Expectations

By Sister Mary Scholastica, O.C.D.

Advent is a season of expectations. Expectation of the coming of the Messiah, the One Who is to save us. This longing for the Savior wells out from deep within us, forming our hearts to be expectant hearts…open, receptive, full of wonder and hope, desirous of His coming.

From Mr. Webster, the definition of “expectation”

  • a strong belief that something will happen or be the case in the future.
  • a belief that someone will or should achieve something.
  • one’s prospects of inheritance.

In the ordinary humdrum rhythm of life, this expectant spirit is not the stance we take as we move through each day and look at what the word “expectation” really means to us. In fact, the word, in how we think of and experience it, can have more of a negative connotation, a burden we place on ourselves or a burden we feel others place upon us.

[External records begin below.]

(* There is a function $h$ such that for all integers $t,k\ge 1$, every $\mathcal{O}_k$-free graph with no $K_{t,t}$ subgraph has average degree at most $h(t,k)$ and chromatic number at most $h(t,k)+1$.
   Context: All graphs are finite, simple and nonempty. Two vertex-disjoint subgraphs are independent if there is no edge between them. A graph $G$ is $\mathcal{O}_k$-free if it does not contain $k$ pairwise vertex-disjoint and pairwise independent cycles; equivalently, $G$ has no induced subgraph isomorphic to a disjoint union of $k$ cycles. *)

From mathcomp Require Import all_boot all_order all_algebra.
Set Implicit Arguments. Unset Strict Implicit. Unset Printing Implicit Defensive.
Import GRing.Theory Num.Theory.

Definition simple_graph (T : finType) (e : rel T) : Prop :=
  symmetric e /\ irreflexive e.

Definition is_cycle (T : finType) (e : rel T) (s : seq T) : bool :=
  (3 <= size s) && ucycleb e s.

Definition has_k_indep_cycles (T : finType) (e : rel T) (k : nat) : Prop :=
  exists C : 'I_k -> seq T,
    (forall i, is_cycle e (C i)) /\
    (forall i j, i != j ->
       forall x y, x \in C i -> y \in C j -> (x != y) && ~~ e x y).

Definition Ok_free (T : finType) (e : rel T) (k : nat) : Prop :=
  ~ has_k_indep_cycles e k.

It’s something to consider.

We expect others to be aware of our needs. We expect ourselves to get things right the first time, to always land on our feet should we fall, to be all things to all people. We expect others to do things in a way that we prefer. You can tell because it irks you when they do it in a manner you were not “expecting”. We expect others to hear that we said, receive it with full openness and understand all the nuances of what we meant. Others expect this very same thing from us. We expect perfection even if we say we don’t. Evidence of this is our own negative patterns of thought, getting down on ourselves and discouraged, experiencing shame and hurt pride after we make a mistake or feel we didn’t show our “best selves” (human respect). We expect circumstances to be a certain way and if not, it takes us a while to let go of what we were “expecting” and how things “should have been” to reconcile ourselves to what is. We expect others to know when we need affirmation, space to process, camaraderie and feel rejected or forgotten when it’s not extended at a time when there is a need. We experience anger when we feel/perceive that others are expecting certain things from us. It feels like an unfair burden, yet we expect the same of others in similar yet different ways. In one given day, there are many expectations experienced, perceived, expressed, assumed.

Is the distinction of the word “expectation” that different when reflective of the Advent spirit in comparison to the expectations of daily life with which we struggle? In reference to Advent it feels open and receptive, in reference to our daily challenges it feels closed and burdensome.

What is the stance of our hearts? What is our mindset? Is it our own woundedness that blocks us from seeing life through the lens of Advent expectancy? Is it my inability to let go?

This Advent, let us pray through how we respond today, so that one week, one month, one year from now, at the end of our lives, the expectant Advent spirit and the spirit in which we live each day are one and the same. May you have a blessed Advent.